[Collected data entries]

--- START ---

Lemma LoV_T0 (X : space) : T0 (LoV X).
Proof.
  intros C C' HCC' HC'C. apply sig_eq, set_eq. intros x.
  split; [apply (proj1 (LoV_spec X C C') HCC')|apply (proj1 (LoV_spec X C' C) HC'C)].
Qed.

Lemma UpV_map_val {X Y : space} (p : X -> Y) (K : UpV X) :
  continuous p -> proj1_sig (UpV_map p K) = up (img p (proj1_sig K)).
Proof.
  intros Hp. unfold UpV_map. destruct excluded_middle_informative as [?|n]; [reflexivity|].
  exfalso; apply n, up_compact_saturated, compact_image; [exact Hp|exact (proj1 (proj2_sig K))].
Qed.

Lemma LoV_map_val {X Y : space} (p : X -> Y) (C : LoV X) :
  well_filtered X -> locally_compact Y -> perfect p ->
  proj1_sig (LoV_map p C) = down (img p (proj1_sig C)).
Proof.
  intros WF LC Hp. unfold LoV_map. destruct excluded_middle_informative as [?|n]; [reflexivity|].
  exfalso; apply n, closed_down_image; [exact WF|exact LC|exact Hp|exact (proj2_sig C)].
Qed.

Lemma UpV_map_continuous {X Y : space} (p : X -> Y) : continuous p -> continuous (UpV_map p).
Proof.
  intros Hp. apply continuous_into_gen. intros S [U [HU ->]].
  apply opn_ext with (Box (fun x => U (p x))); [apply Box_open, Hp, HU|].
  intros K. unfold Box. rewrite UpV_map_val by exact Hp. split.
  - intros H y [z [[x [Kx <-]] Hzy]]. exact (Hzy U HU (H x Kx)).
  - intros H x Kx. apply H, up_img, Kx.
Qed.

Lemma LoV_map_continuous {X Y : space} (p : X -> Y) :
  well_filtered X -> locally_compact Y -> perfect p -> continuous (LoV_map p).
Proof.
  intros WF LC Hp. apply continuous_into_gen. intros S [U [HU ->]].
  apply opn_ext with (Diamond (fun x => U (p x))); [apply Diamond_open, (proj1 Hp), HU|].
  intros C. unfold Diamond. rewrite LoV_map_val by assumption. split.
  - intros [x [Cx Ux]]. exists (p x); split; [apply down_img, Cx|exact Ux].
  - intros [y [[z [[x [Cx <-]] Hyz]] Uy]]. exists x; split; [exact Cx|exact (Hyz U HU Uy)].
Qed.

Lemma UpV_map_comp {X Y Z : space} (p : Y -> Z) (q : X -> Y) (K : UpV X) :
  continuous p -> continuous q -> UpV_map p (UpV_map q K) = UpV_map (fun x => p (q x)) K.
Proof.
  intros Hp Hq. apply sig_eq.
  rewrite !UpV_map_val by (auto using continuous_comp).
  apply set_eq. intros z; split.
  - intros [z' [[y [[y' [[x [Kx <-]] Hxy]] <-]] Hz]].
    exists (p (q x)); split; [exists x; auto|].
    exact (spec_trans Z _ _ _ (continuous_spec p _ _ Hp Hxy) Hz).
  - intros [z' [[x [Kx <-]] Hz]]. exists (p (q x)); split; [|exact Hz].
    exists (q x); split; [apply up_img, Kx|reflexivity].
Qed.

Lemma perfect_comp {X Y Z : space} (p : Y -> Z) (q : X -> Y) :
  perfect p -> perfect q -> perfect (fun x => p (q x)).
Proof.
  intros [pc pp] [qc qp]. split; [exact (continuous_comp p q pc qc)|].
  intros K HK. exact (qp _ (pp K HK)).
Qed.

Lemma LoV_map_comp {X Y Z : space} (p : Y -> Z) (q : X -> Y) (C : LoV X) :
  well_filtered X -> well_filtered Y -> locally_compact Y -> locally_compact Z ->
  perfect p -> perfect q -> LoV_map p (LoV_map q C) = LoV_map (fun x => p (q x)) C.
Proof.
  intros WFX WFY LCY LCZ Hp Hq. apply sig_eq.
  rewrite !LoV_map_val by (auto using perfect_comp).
  apply set_eq. intros z; split.
  - intros [z' [[y [[y' [[x [Cx <-]] Hyx]] <-]] Hz]].
    exists (p (q x)); split; [exists x; auto|].
    exact (spec_trans Z _ _ _ Hz (continuous_spec p _ _ (proj1 Hp) Hyx)).
  - intros [z' [[x [Cx <-]] Hz]]. exists (p (q x)); split; [|exact Hz].
    exists (q x); split; [apply down_img, Cx|reflexivity].
Qed.

Lemma UpV_map_reflects_order {X Y : space} (p : X -> Y) :
  continuous p -> reflects_order p -> reflects_order (UpV_map p).
Proof.
  intros Hp pr K K' HKK'. apply UpV_spec.
  pose proof (proj1 (UpV_spec Y _ _) HKK') as Hsub. rewrite !UpV_map_val in Hsub by exact Hp.
  intros x K'x. destruct (Hsub (p x) (up_img p _ x K'x)) as [y [[x' [Kx' <-]] Hle]].
  exact (proj2 (proj2_sig K) x' x Kx' (pr _ _ Hle)).
Qed.

Lemma LoV_map_reflects_order {X Y : space} (p : X -> Y) :
  well_filtered X -> locally_compact Y -> perfect p -> reflects_order p ->
  reflects_order (LoV_map p).
Proof.
  intros WF LC Hp pr C C' HCC'. apply LoV_spec.
  pose proof (proj1 (LoV_spec Y _ _) HCC') as Hsub. rewrite !LoV_map_val in Hsub by assumption.
  intros x Cx. destruct (Hsub (p x) (down_img p _ x Cx)) as [y [[x' [C'x' <-]] Hle]].
  exact (closed_spec X _ x x' (proj2_sig C') C'x' (pr _ _ Hle)).
Qed.

Definition UpV_preimage {E X : space} (h : E -> X) (hp : perfect h) (L : UpV X) : UpV E :=
  exist _ (fun e => proj1_sig L (h e)) (proj2 hp _ (proj2_sig L)).

Definition LoV_preimage {E X : space} (h : E -> X) (hc : continuous h) (C : LoV X) : LoV E :=
  exist _ (fun e => proj1_sig C (h e)) (hc _ (proj2_sig C)).

Lemma UpV_preimage_continuous {E X : space} (h : E -> X) (hp : perfect h) :
  well_filtered E -> locally_compact X -> continuous (UpV_preimage h hp).
Proof.
  intros WF LC. apply continuous_into_gen. intros S [U [HU ->]].
  apply opn_ext with (Box (open_hull h U)); [apply Box_open, open_hull_open; assumption|].
  intros L. unfold Box; simpl. split.
  - intros H e Le. apply NNPP; intros nUe. exact (H (h e) Le (down_img h _ e nUe)).
  - intros H x Lx [y [[e [nUe <-]] Hle]]. exact (nUe (H e (proj2 (proj2_sig L) x (h e) Lx Hle))).
Qed.

Lemma UpV_map_perfect {E X : space} (h : E -> X) :
  well_filtered E -> locally_compact X -> perfect h -> perfect (UpV_map h).
Proof.
  intros WF LC hp. assert (Vhc := UpV_map_continuous h (proj1 hp)). split; [exact Vhc|].
  intros Q [Qc Qs]. split; [|apply continuous_saturated; assumption].
  (* [UpV_map h] is left adjoint to [UpV_preimage h], so the preimage of [Q] is the
     upset of its image under the continuous map [UpV_preimage h]. *)
  apply compact_ext with (up (img (UpV_preimage h hp) Q)).
  - apply compact_up, compact_image; [apply UpV_preimage_continuous; assumption|exact Qc].
  - intros K. split.
    + intros [K0 [[L [QL <-]] Hle]]. apply (Qs L _ QL). apply UpV_spec.
      rewrite UpV_map_val by exact (proj1 hp).
      intros x [y [[e [Ke <-]] Hxy]]. apply (proj2 (proj2_sig L) (h e) x); [|exact Hxy].
      exact (proj1 (UpV_spec E _ _) Hle e Ke).
    + intros QK. exists (UpV_preimage h hp (UpV_map h K)); split; [exists (UpV_map h K); auto|].
      apply UpV_spec. intros e Ke. simpl. rewrite UpV_map_val by exact (proj1 hp).
      apply up_img, Ke.
Qed.

Lemma UpV_map_preimage {E X : space} (h : E -> X) (hp : perfect h) (L : UpV X) :
  (forall x, proj1_sig L x -> exists e, proj1_sig L (h e) /\ spec_le (h e) x) ->
  UpV_map h (UpV_preimage h hp L) = L.
Proof.
  intros HL. apply sig_eq. rewrite UpV_map_val by exact (proj1 hp).
  apply set_eq. intros x; split.
  - intros [y [[e [Le <-]] Hle]]. exact (proj2 (proj2_sig L) _ _ Le Hle).
  - intros Lx. destruct (HL x Lx) as [e [Le Hle]]. exists (h e); split; [exists e; auto|exact Hle].
Qed.

Lemma LoV_map_preimage {E X : space} (h : E -> X) (hp : perfect h) (C : LoV X) :
  well_filtered E -> locally_compact X ->
  (forall x, proj1_sig C x -> exists e, proj1_sig C (h e) /\ spec_le x (h e)) ->
  LoV_map h (LoV_preimage h (proj1 hp) C) = C.
Proof.
  intros WF LC HC. apply sig_eq. rewrite LoV_map_val by assumption.
  apply set_eq. intros x; split.
  - intros [y [[e [Ce <-]] Hle]]. exact (closed_spec X _ x (h e) (proj2_sig C) Ce Hle).
  - intros Cx. destruct (HC x Cx) as [e [Ce Hle]]. exists (h e); split; [exists e; auto|exact Hle].
Qed.

Lemma LoV_preimage_continuous {Z E X : space} (h : E -> X) (hc : continuous h) (m : Z -> LoV X) :
  continuous m ->
  (forall U, opn E U -> exists U', opn X U' /\ forall e, U e <-> U' (h e)) ->
  (forall z x, proj1_sig (m z) x -> exists e, proj1_sig (m z) (h e) /\ spec_le x (h e)) ->
  continuous (fun z => LoV_preimage h hc (m z)).
Proof.
  intros mc hemb Hm. apply continuous_into_gen. intros S [U [HU ->]].
  destruct (hemb U HU) as [U' [HU' HUU']].
  apply opn_ext with (fun z => Diamond U' (m z)); [apply mc, Diamond_open, HU'|].
  intros z; split.
  - intros [x [mx U'x]]. destruct (Hm z x mx) as [e [me Hle]].
    exists e; split; [exact me|]. apply HUU'. exact (Hle U' HU' U'x).
  - intros [e [me Ue]]. exists (h e); split; [exact me|apply HUU', Ue].
Qed.

Lemma open_hull_mono {E X : space} (h : E -> X) (U V : E -> Prop) :
  U <<= V -> open_hull h U <<= open_hull h V.
Proof.
  intros UV x HU [y [[e [nVe <-]] Hle]]. apply HU.
  exists (h e); split; [exists e; split; [intros Ue; exact (nVe (UV e Ue))|reflexivity]|exact Hle].
Qed.

Lemma open_hull_union_finite {E X : space} (h : E -> X) (F : (E -> Prop) -> Prop) (x : X) :
  perfect h -> F <<= opn E -> open_hull h (union_of F) x ->
  exists l, open_hull h (union_of (fun U => In U l /\ F U)) x.
Proof.
  intros hp Fopen Hx.
  destruct (proj1 (proj2 hp _ (principal_compact_saturated X x)) F) as [l [Hl1 Hl2]].
  - exact Fopen.
  - intros e Hxe. apply NNPP; intros ne. apply Hx.
    exists (h e); split; [exists e; split; [exact ne|reflexivity]|exact Hxe].
  - exists l. intros [y [[e [ne <-]] Hle]]. apply ne.
    destruct (Hl2 e Hle) as [U [InU Ue]].
    exists U; split; [split; [exact InU|exact (Hl1 U InU)]|exact Ue].
Qed.

Lemma LoV_map_perfect {E X : space} (h : E -> X) :
  well_filtered E -> locally_compact X -> perfect h -> perfect (LoV_map h).
Proof.
  intros WF LC hp. assert (Vhc := LoV_map_continuous h WF LC hp). split; [exact Vhc|].
  intros Q [Qc Qs]. split; [|apply continuous_saturated; assumption].
  apply alexander_subbase. intros Fm FmB Fcov.
  pose (F := fun U => opn E U /\ Fm (Diamond U)).
  assert (Fopen : F <<= opn E) by (intros U [HU _]; exact HU).
  pose (W := fun l => Diamond (open_hull h (union_of (fun U => In U l /\ F U)))).
  assert (Wmono : forall l l', (forall U, In U l -> In U l') -> W l <<= W l').
  { intros l l' Hll' D [x [Dx Hx]]. exists x; split; [exact Dx|].
    revert Hx; apply open_hull_mono. intros e [U [[InU FU] Ue]]. exists U; auto. }
  (* [Q] does not contain [LoV_map h] of the complement of [union_of F], as that set
     meets no member of the cover. *)
  assert (Wcover : forall D, Q D -> exists l, W l D).
  { intros D QD.
    destruct (classic (exists x, proj1_sig D x /\ open_hull h (union_of F) x)) as [[x [Dx Hx]]|nD].
    - destruct (open_hull_union_finite h F x hp Fopen Hx) as [l Hl]. exists l, x; auto.
    - exfalso. assert (HC0 : closed (fun e => ~ union_of F e)).
      { apply closed_compl_open, opn_union, Fopen. }
      destruct (Fcov (exist _ _ HC0)) as [S [FmS SC0]].
      + apply (Qs D _ QD), LoV_spec. rewrite LoV_map_val by assumption.
        intros x Dx. apply NNPP; intros nx. apply nD. exists x; auto.
      + destruct (FmB S FmS) as [U [HU ->]]. destruct SC0 as [e [nU Ue]].
        apply nU. exists U; split; [split; assumption|exact Ue]. }
  destruct (compact_directed_cover Q W nil Qc) as [ls Hls]; [| |exact Wcover|].
  - intros l. apply Diamond_open, open_hull_open, opn_union; try assumption.
    intros U [_ FU]; exact (Fopen U FU).
  - intros l1 l2. exists (l1 ++ l2); split; apply Wmono; intros U HU; apply in_or_app; auto.
  - destruct (list_restrict F ls) as [ls' [Fls' Hls']].
    exists (map Diamond ls'); split.
    + intros S HS. apply in_map_iff in HS. destruct HS as [U [<- InU]]. exact (proj2 (Fls' U InU)).
    + intros C QC. destruct (Hls _ QC) as [x [Cx Hx]].
      rewrite LoV_map_val in Cx by assumption. destruct Cx as [y [[c [Cc <-]] Hxc]].
      destruct (classic (union_of (fun U => In U ls /\ F U) c)) as [[U [[InU FU] Uc]]|nc].
      * exists (Diamond U); split; [apply in_map, Hls'; assumption|exists c; auto].
      * exfalso; apply Hx. exists (h c); split; [exists c; split; [exact nc|reflexivity]|exact Hxc].
Qed.

Lemma perfect_lift {Z A B : space} (m : Z -> B) (p : A -> B) (u : Z -> A) :
  perfect m -> continuous p -> continuous u -> reflects_order p ->
  (forall z, p (u z) = m z) -> perfect u.
Proof.
  intros [mc mp] pc uc pr Hpu. split; [exact uc|].
  intros P [Pc Ps]. split; [|apply continuous_saturated; assumption].
  apply compact_ext with (fun z => up (img p P) (m z)).
  - apply mp, up_compact_saturated, compact_image; assumption.
  - intros z; split.
    + intros [b [[a [Pa <-]] Hle]]. rewrite <- Hpu in Hle. exact (Ps a (u z) Pa (pr _ _ Hle)).
    + intros Pu. rewrite <- Hpu. apply up_img, Pu.
Qed.

Lemma equalizer_of_lifts {E X Y : space} (h : E -> X) (f g : X -> Y) :
  T0 E -> perfect h -> (forall e, f (h e) = g (h e)) -> reflects_order h ->
  (forall (Z : space) (m : Z -> X), perfect m -> (forall z, f (m z) = g (m z)) ->
     exists u : Z -> E, continuous u /\ forall z, h (u z) = m z) ->
  is_StComp_equalizer h f g.
Proof.
  intros T0E hp hfg hr Hlift. split; [exact hp|split; [exact hfg|]].
  intros Z _ m mp Hm. destruct (Hlift Z m mp Hm) as [u [uc Hu]].
  exists u; split; [exact (perfect_lift m h u mp (proj1 hp) uc hr Hu)|split; [exact Hu|]].
  intros u' _ Hu' z. apply T0E; apply hr; rewrite Hu, Hu'; apply spec_refl.
Qed.
(* For all $0\le t<1$, $$\lim_{x\uparrow B^*\sqrt{1-t}}\frac{\partial}{\partial x}J^*(t,x)=\lim_{x\downarrow B^*\sqrt{1-t}}\frac{\partial}{\partial x}g(t,x),$$ $$\lim_{x\downarrow -B^*\sqrt{1-t}}\frac{\partial}{\partial x}J^*(t,x)=\lim_{x\uparrow -B^*\sqrt{1-t}}\frac{\partial}{\partial x}g(t,x),$$ where $$J^*(t,x)=\begin{cases}(1-t)^{n+1/2}(F_{2n+1}+G_{2n+1})(x/\sqrt{1-t})\,j(B^* ), & |x|<B^*\sqrt{1-t},\\ g(t,x), & |x|\ge B^*\sqrt{1-t}.\end{cases}$$
   Context: $n\ge0$ is an integer. $F_q(y):=\int_0^\infty u^{q-1}e^{yu-u^2/2}\,\mathrm{d}u$ and $G_q(y):=F_q(-y)$. $B^*>0$ is the unique zero of $B\mapsto(2n+1)-BF'_{2n+1}(B)/F_{2n+1}(B)$. $U(t,x)=(1-t)^{n+1/2}(B^* )^{2n+1}F_{2n+1}(x/\sqrt{1-t})/F_{2n+1}(B^* )$ if $x<B^*\sqrt{1-t}$, and $U(t,x)=x^{2n+1}$ otherwise. $g(t,x):=(U(t,x)-x^{2n+1})1_{\{x\le0\}}+(U(t,-x)+x^{2n+1})1_{\{x>0\}}$. $j(D):=\frac{1}{(F_{2n+1}+G_{2n+1})(D)}[D^{2n+1}+(B^* )^{2n+1}G_{2n+1}(D)/F_{2n+1}(B^* )]$. *)

From Stdlib Require Import Reals.
From Coquelicot Require Import Coquelicot.
Open Scope R_scope.

Definition Fq (q : nat) (y : R) : R :=
  RInt_gen (fun u => u ^ (q - 1) * exp (y * u - u ^ 2 / 2))
           (at_point 0) (Rbar_locally p_infty).

Definition Gq (q : nat) (y : R) : R := Fq q (- y).

(* B* is characterised by: B* > 0 and (2n+1) - B F'_{2n+1}(B)/F_{2n+1}(B) = 0 *)
Definition Bstar_eq (n : nat) (B : R) : R :=
  INR (2 * n + 1) - B * Derive (Fq (2 * n + 1)) B / Fq (2 * n + 1) B.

--- END ---

* _Work instruction_: Filter the data for the string "exfalso" and copy every line that has it.

* _Output for this exercise_:
  exfalso; apply n, up_compact_saturated, compact_image; [exact Hp|exact (proj1 (proj2_sig K))].
  exfalso; apply n, closed_down_image; [exact WF|exact LC|exact Hp|exact (proj2_sig C)].
    - exfalso. assert (HC0 : closed (fun e => ~ union_of F e)).
      * exfalso; apply Hx. exists (h c); split; [exists c; split; [exact nc|reflexivity]|exact Hxc].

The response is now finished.